As businesses grow, they often have multiple employees acting on the company’s behalf, whether they’re salespeople on the road or members of the leadership team. Many businesses find it’s far more employee friendly to issue corporate credit or debit cards to workers rather than have them pay for expenses on their own and ask for reimbursement.
But granting an employee access to your business accounts can be risky, especially if you’re trusting new hires. In addition to employee fraud, businesses also must protect themselves against lost or stolen cards, which can then be used illegally. Through the use of spending limits on each issued card, your business can block the amount that can be spent in a designated period of time. Here are seven benefits of setting those limits on your business accounts.
Reduce Expense Fraud
Even if your accounting team personally reviews every single line item that comes through, fraudulent charges can slip through. It could be anything from a fill-up just before the trip ends to a shopping spree. While spending maximums won’t completely prevent fraud, they will limit the damage that can be done.
Minimize Damage on Stolen Cards
Once a business starts issuing plastic to employees, its risk of fraud increases. An employee who uses a card to make purchases across the country could easily lose that card or have it stolen. With a spending limit, a business finds that the damage that can be done by someone who has the card illegally is minimized.
Control Your Budget
Having spending limits gives you the power to set your monthly budget, since you’ll know that your employees can’t spend over a certain amount over the course of that month. This will give you the oversight you need to allocate money to travel expenses, office supply purchases, and other items commonly charged as expenses, while keeping the rest of your budget free for other bills.
Minimize Use
Knowing they have a limit may lead some of your employees to curtail their daily spending. They might have gone for an expensive dinner while out of town on a business trip, but knowing the purchase might be denied will stop them. You can also add internal policies to your credit card-imposed limits, including allowing only a set amount each day for food and lodging.
Build Business Credit
If your accounts have high balances on an ongoing basis, it can eventually damage your credit, even if you’re paying the balance each month. A credit limit can help keep those balances low, protecting the business credit you’ve worked hard to build.
Save Time for Approvers
If you’ve assigned personnel to monitor and approve expenditures each day, having a limit will cut down on the work they have to do. This is especially true if the limit is fairly low.
Reduce Stress
There are alternative ways to curtail employee spending and catch fraud, including setting up notifications every time a charge is made. But this type of monitoring can cause undue stress for business leaders, who should be investing their time in more important activities. Spending limits allow them to avoid this type of behavior without taking the risk that comes with not having any protections in place at all.

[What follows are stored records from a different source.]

(* Let $d,N\in\mathbb{N}$ and let $C:\mathbb{R}^d\times\mathbb{R}^d\to\mathbb{R}$ be smooth with $C(x,x')=C(-x,-x')$ for all $x,x'$. For multi-indices $\alpha,\beta\in\mathbb{N}_0^d$ let $C_{\alpha,\beta}=\partial_{x_1}^{\alpha_1}\cdots\partial_{x_d}^{\alpha_d}\partial_{x'_1}^{\beta_1}\cdots\partial_{x'_d}^{\beta_d}C$. Let $K=\binom{N+d}{N}$ and $R=(C_{\alpha,\beta}(0,0))_{\alpha,\beta\in\mathbb{N}_0^d,\,|\alpha|,|\beta|\le N}\in\mathbb{R}^{K\times K}$, assumed invertible, let $b=R^{-1}(1,0,\dots,0)^T$ (the first coordinate corresponding to $\alpha=0$), and define $\eta(x)=\sum_{|\alpha|\le N}b_\alpha C_{\alpha,0}(0,x)$. Then $\nabla^j\eta(0)=0$ for all odd integers $j\in\mathbb{N}$.
   Context: $\nabla^j\eta(0)$ denotes the full derivative of order $j$ (all partial derivatives of order $j$) at $0$. *)

From HB Require Import structures.
From mathcomp Require Import all_boot all_order all_algebra.
From mathcomp Require Import all_classical all_reals all_analysis.
Set Implicit Arguments. Unset Strict Implicit. Unset Printing Implicit Defensive.
Import Order.TTheory GRing.Theory Num.Theory.
Import numFieldNormedType.Exports.
Local Open Scope ring_scope.

Section Defs.
Variable R : realType.

Definition evec (n : nat) (i : 'I_n) : 'rV[R]_n := delta_mx 0 i.

Definition pder (n : nat) (i : 'I_n) (f : 'rV[R]_n -> R) : 'rV[R]_n -> R :=
  fun x => 'D_(evec i) f x.

(* iterated partial derivative along the sequence of coordinates s
   (first element of s applied last) *)
Definition pders (n : nat) (s : seq 'I_n) (f : 'rV[R]_n -> R) : 'rV[R]_n -> R :=
  foldr (@pder n) f s.

Definition smooth (n : nat) (f : 'rV[R]_n -> R) : Prop :=
  forall s : seq 'I_n,
    continuous (pders s f) /\
    (forall (i : 'I_n) (x : 'rV[R]_n), derivable (pders s f) x (evec i)).

Definition mpder (n : nat) (g : 'I_n -> nat) (f : 'rV[R]_n -> R) : 'rV[R]_n -> R :=
  foldr (fun i h => iter (g i) (pder i) h) f (enum 'I_n).

End Defs.

Definition midx (d N : nat) : predArgType :=
  {a : {ffun 'I_d -> 'I_N.+1} | (\sum_(i < d) (a i : nat) <= N)%N}.

Lemma midx0_proof (d N : nat) :
  (\sum_(i < d) (([ffun => ord0] : {ffun 'I_d -> 'I_N.+1}) i : nat) <= N)%N.
Proof. by rewrite big1 // => i _; rewrite ffunE. Qed.

Definition midx0 (d N : nat) : midx d N := exist (fun a : {ffun 'I_d -> 'I_N.+1} => (\sum_(i < d) (a i : nat) <= N)%N) [ffun => ord0] (midx0_proof d N).

Definition jidx (d N : nat) (a b : midx d N) : 'I_(d + d) -> nat :=
  fun k => match fintype.split k with inl i => val a i | inr j => val b j end.

(* C_{alpha,beta}, for C given as a function of the concatenated vector (x, x') *)
Definition Cab (R : realType) (d N : nat) (C : 'rV[R]_(d + d) -> R)
  (a b : midx d N) : 'rV[R]_d -> 'rV[R]_d -> R :=
  fun x x' => mpder (jidx a b) C (row_mx x x').

(* the matrix R = (C_{alpha,beta}(0,0)), indexed via enum_rank of midx d N;
   its size #|midx d N| equals binomial(N+d, N) *)
Definition Rmat (R : realType) (d N : nat) (C : 'rV[R]_(d + d) -> R)
  : 'M[R]_#|midx d N| :=
  \matrix_(i, j) Cab C (enum_val i) (enum_val j) 0 0.

Definition bvec (R : realType) (d N : nat) (C : 'rV[R]_(d + d) -> R)
  : 'cV[R]_#|midx d N| :=
  invmx (Rmat N C) *m delta_mx (enum_rank (midx0 d N)) 0.

Definition etaC (R : realType) (d N : nat) (C : 'rV[R]_(d + d) -> R)
  : 'rV[R]_d -> R :=
  fun x => \sum_(i < #|midx d N|) bvec N C i 0 * Cab C (enum_val i) (midx0 d N) 0 x.

From HB Require Import structures.
From mathcomp Require Import all_boot all_order all_algebra.
From mathcomp Require Import all_classical all_reals all_analysis.
Import Order.TTheory GRing.Theory Num.Theory.
Import numFieldNormedType.Exports.
Local Open Scope ring_scope.
Local Open Scope classical_set_scope.
Set Implicit Arguments. Unset Strict Implicit.

(* C is even, so a partial derivative of C of order k satisfies
   D C (z) = (-1)^k D C (-z); hence every odd-order derivative of C vanishes
   at 0. The matrix R therefore never couples multi-indices of different
   parity, and as the right-hand side e_0 is supported on even multi-indices,
   so is b = R^-1 e_0. A derivative of eta of odd order j at 0 is a combination
   of derivatives of C at 0 of order |alpha| + j, weighted by b_alpha; the
   weight vanishes for odd |alpha| and the derivative for even |alpha|. *)

Section DeriveReflection.
Variables (R : numFieldType) (V W : normedModType R).

Lemma cvg_oppr_dnbhs0 : -%R @ (0 : R)^' --> (0 : R)^'.
Proof.
move=> A /nbhs_normP[e e0 Ae]; apply/nbhs_normP; exists e => //= h.
rewrite /= !sub0r !normrN => he h0; apply: Ae; rewrite /= ?sub0r ?normrN ?oppr_eq0 //.
Qed.

Lemma derive_compN_cvg (f : V -> W) (x v : V) : derivable f (- x) v ->
  (fun h => h^-1 *: ((f \o -%R \o shift x) (h *: v) - (f \o -%R) x)) @ 0^'
    --> - 'D_v f (- x).
Proof.
move=> df; set q := fun h : R => h^-1 *: ((f \o shift (- x)) (h *: v) - f (- x)).
have -> : (fun h => h^-1 *: ((f \o -%R \o shift x) (h *: v) - (f \o -%R) x)) =
    - (q \o -%R).
  by apply/funext => h; rewrite !fctE /q /= invrN !scaleNr opprK opprD.
exact: (cvgN (cvg_comp _ _ cvg_oppr_dnbhs0 df)).
Qed.

Lemma derivable_compN (f : V -> W) (x v : V) :
  derivable f (- x) v -> derivable (f \o -%R) x v.
Proof.
by move=> df; apply/cvg_ex; exists (- 'D_v f (- x)); exact: derive_compN_cvg.
Qed.

Lemma derive_compN (f : V -> W) (x v : V) : derivable f (- x) v ->
  'D_v (f \o -%R) x = - 'D_v f (- x).
Proof. by move=> df; apply: cvg_lim; [|exact: derive_compN_cvg]. Qed.

End DeriveReflection.

Section IteratedPartials.
Variables (R : realType) (n : nat).
Implicit Types (f : 'rV[R]_n -> R) (s t : seq 'I_n).

Lemma pders_cat s t f : pders (s ++ t) f = pders s (pders t f).
Proof. by rewrite /pders foldr_cat. Qed.

Lemma pders_nseq k (i : 'I_n) f : pders (nseq k i) f = iter k (pder i) f.
Proof. by elim: k => //= k ->. Qed.

Definition mpder_seq (g : 'I_n -> nat) : seq 'I_n :=
  flatten [seq nseq (g i) i | i <- enum 'I_n].

Lemma mpderE (g : 'I_n -> nat) f : mpder g f = pders (mpder_seq g) f.
Proof.
rewrite /mpder /mpder_seq; elim: (enum 'I_n) => //= i r IH.
by rewrite pders_cat pders_nseq IH.
Qed.

Lemma size_mpder_seq (g : 'I_n -> nat) : size (mpder_seq g) = (\sum_i g i)%N.
Proof.
rewrite /mpder_seq -big_enum /=; elim: (enum 'I_n) => [|i r IH].
  by rewrite big_nil.
by rewrite big_cons /= size_cat size_nseq IH.
Qed.

Lemma smooth_pders s f : smooth f -> smooth (pders s f).
Proof. by move=> sf t; rewrite -pders_cat; exact: sf. Qed.

Lemma pders_even s f : smooth f -> (forall z, f (- z) = f z) ->
  forall z, pders s f z = (-1) ^+ size s * pders s f (- z).
Proof.
move=> sf fN; elim: s => [|i s IH] z /=; first by rewrite fN mul1r.
have df y : derivable (pders s f) y (evec R i) := (sf s).2 i y.
rewrite /pder {1}(_ : pders s f = (-1) ^+ size s \*: (pders s f \o -%R)); last first.
  by apply/funext => y; rewrite IH.
rewrite deriveZ ?derive_compN ?opprK //; last exact: derivable_compN.
by rewrite exprS mulN1r mulNr -mulrN.
Qed.

Lemma pders_odd_at0 s f : smooth f -> (forall z, f (- z) = f z) ->
  odd (size s) -> pders s f 0 = 0.
Proof.
move=> sf fN odd_s; have := pders_even s sf fN 0.
by rewrite oppr0 -signr_odd odd_s expr1 mulN1r => /esym/eqP; rewrite eqNr => /eqP.
Qed.

Lemma pders_sum_scale k (c : 'I_k -> R) (g : 'I_k -> 'rV[R]_n -> R) s :
  (forall j t x (i : 'I_n), derivable (pders t (g j)) x (evec R i)) ->
  pders s (fun x => \sum_j c j * g j x) = (fun x => \sum_j c j * pders s (g j) x).
Proof.
move=> dg; elim: s => //= i s IH; rewrite IH /pder; apply/funext => x.
have -> : (fun y => \sum_j c j * pders s (g j) y) = \sum_j c j \*: pders s (g j).
  by apply/funext => y; rewrite fct_sumE.
rewrite derive_sum; last by move=> j; apply: derivableZ.
by apply: eq_bigr => j _; rewrite deriveZ.
Qed.

End IteratedPartials.

Section RightBlock.
Variables (R : realType) (m n : nat) (x0 : 'rV[R]_m).
Implicit Types (f : 'rV[R]_(m + n) -> R).

Lemma evec_rshift (j : 'I_n) : evec R (rshift m j) = row_mx 0 (evec R j).
Proof. by rewrite /evec delta_mx_rshift. Qed.

Lemma difference_quotient_row_mxr f (j : 'I_n) (y : 'rV[R]_n) :
  (fun h : R => h^-1 *: (((fun y => f (row_mx x0 y)) \o shift y) (h *: evec R j)
                           - f (row_mx x0 y))) =
  (fun h : R => h^-1 *: ((f \o shift (row_mx x0 y)) (h *: evec R (rshift m j))
                           - f (row_mx x0 y))).
Proof.
by apply/funext => h; rewrite /= evec_rshift scale_row_mx scaler0 add_row_mx add0r.
Qed.

Lemma pder_row_mxr f (j : 'I_n) (y : 'rV[R]_n) :
  pder j (fun y => f (row_mx x0 y)) y = pder (rshift m j) f (row_mx x0 y).
Proof. by rewrite /pder /derive difference_quotient_row_mxr. Qed.

Lemma derivable_row_mxr f (j : 'I_n) (y : 'rV[R]_n) :
  derivable f (row_mx x0 y) (evec R (rshift m j)) ->
  derivable (fun y => f (row_mx x0 y)) y (evec R j).
Proof. by rewrite /derivable difference_quotient_row_mxr. Qed.

Lemma pders_row_mxr f (s : seq 'I_n) :
  pders s (fun y => f (row_mx x0 y)) =
  (fun y => pders (map (@rshift m n) s) f (row_mx x0 y)).
Proof. by elim: s => //= j s IH; apply/funext => y; rewrite IH pder_row_mxr. Qed.

Lemma derivable_pders_row_mxr f (s : seq 'I_n) (y : 'rV[R]_n) (j : 'I_n) :
  smooth f -> derivable (pders s (fun y => f (row_mx x0 y))) y (evec R j).
Proof. by move=> sf; rewrite pders_row_mxr; apply: derivable_row_mxr; exact: (sf _).2. Qed.

End RightBlock.

Lemma solve_block_diag_support (K : comUnitRingType) n (M : 'M[K]_n) (p : pred 'I_n)
    (b c : 'cV[K]_n) :
  M \in unitmx -> (forall i j, p i != p j -> M i j = 0) ->
  (forall i, p i -> c i 0 = 0) -> M *m b = c ->
  forall i, p i -> b i 0 = 0.
Proof.
move=> Mu Mblock c_p Mb.
pose b' := \col_i (if p i then 0 else b i 0).
have Mb' : M *m b' = c.
  apply/matrixP => i k; rewrite (ord1 k) !mxE; have [pi | npi] := boolP (p i).
    rewrite c_p // big1 // => j _; rewrite mxE.
    by case: ifP => pj; rewrite ?mulr0 // Mblock ?mul0r // pi pj.
  rewrite -Mb mxE; apply: eq_bigr => j _; rewrite mxE.
  by case: ifP => pj //; rewrite mulr0 Mblock ?mul0r // pj (negbTE npi).
have -> : b = b' by rewrite -(mulKmx Mu b) -(mulKmx Mu b') Mb Mb'.
by move=> i pi; rewrite mxE pi.
Qed.

Section MultiIndices.
Variables (d N : nat).
Implicit Types (a b : midx d N).

Definition mdeg a : nat := \sum_(i < d) (val a i : nat).

Lemma mdeg_midx0 : mdeg (midx0 d N) = 0%N.
Proof. by rewrite /mdeg big1 // => i _; rewrite ffunE. Qed.

Lemma sum_jidx a b : (\sum_k jidx a b k)%N = (mdeg a + mdeg b)%N.
Proof.
rewrite big_split_ord; congr (_ + _)%N; apply: eq_bigr => k _.
  by rewrite /jidx (unsplitK (inl k : 'I_d + 'I_d)).
by rewrite /jidx (unsplitK (inr k : 'I_d + 'I_d)).
Qed.

Variables (R : realType) (C : 'rV[R]_(d + d) -> R).

Lemma CabE a b x x' : Cab C a b x x' = pders (mpder_seq (jidx a b)) C (row_mx x x').
Proof. by rewrite /Cab mpderE. Qed.

Lemma size_mpder_seq_jidx a b : size (mpder_seq (jidx a b)) = (mdeg a + mdeg b)%N.
Proof. by rewrite size_mpder_seq sum_jidx. Qed.

Hypotheses (sC : smooth C) (C_even : forall z, C (- z) = C z).

Lemma Cab_odd_at0 a b : odd (mdeg a + mdeg b) -> Cab C a b 0 0 = 0.
Proof. by move=> odd_ab; rewrite CabE row_mx0 pders_odd_at0 // size_mpder_seq_jidx. Qed.

Lemma bvec_odd_mdeg (i : 'I_#|midx d N|) : Rmat N C \in unitmx ->
  odd (mdeg (enum_val i)) -> bvec N C i 0 = 0.
Proof.
move=> RU; apply: (solve_block_diag_support RU
  (p := fun i => odd (mdeg (enum_val i))) (c := delta_mx (enum_rank (midx0 d N)) 0)).
- move=> k l parity_kl; rewrite mxE Cab_odd_at0 // oddD -negb_eqb.
  exact: parity_kl.
- move=> k odd_k; rewrite mxE; case: eqP => [k0 | _] //.
  by move: odd_k; rewrite k0 enum_rankK mdeg_midx0.
- by rewrite /bvec mulKVmx.
Qed.

End MultiIndices.

Theorem mainTheorem5 (R : realType) (d N : nat) (C : 'rV[R]_(d + d) -> R) :
  smooth C ->
  (forall x x' : 'rV[R]_d, C (row_mx x x') = C (row_mx (- x) (- x'))) ->
  Rmat N C \in unitmx ->
  forall s : seq 'I_d, odd (size s) -> pders s (etaC N C) 0 = 0.
Proof.
move=> sC HC RU s odd_s.
have C_even z : C (- z) = C z by rewrite -(hsubmxK z) opp_row_mx -HC.
pose u (i : 'I_#|midx d N|) := mpder_seq (jidx (enum_val i) (midx0 d N)).
have -> : etaC N C = fun x => \sum_i bvec N C i 0 * pders (u i) C (row_mx 0 x).
  by apply/funext => x; apply: eq_bigr => i _; rewrite CabE.
rewrite pders_sum_scale; last first.
  by move=> i t x j; apply: derivable_pders_row_mxr; exact: smooth_pders.
rewrite big1 // => i _; rewrite pders_row_mxr -pders_cat row_mx0.
have [odd_i | even_i] := boolP (odd (mdeg (enum_val i))).
  by rewrite bvec_odd_mdeg ?mul0r.
rewrite pders_odd_at0 ?mulr0 // size_cat size_map size_mpder_seq_jidx.
by rewrite mdeg_midx0 addn0 oddD odd_s (negbTE even_i).
Qed.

With today’s tech tools, businesses can easily place spending limits on the cards they issue employees for expenditures. By putting maximums in place, they can cap the amount an employee can spend each day, week, or month. This will help reduce fraud while also cutting down on the amount an employee without limits might spend. When combined with accounting tools, spending limits can help improve productivity and make budgeting more predictable.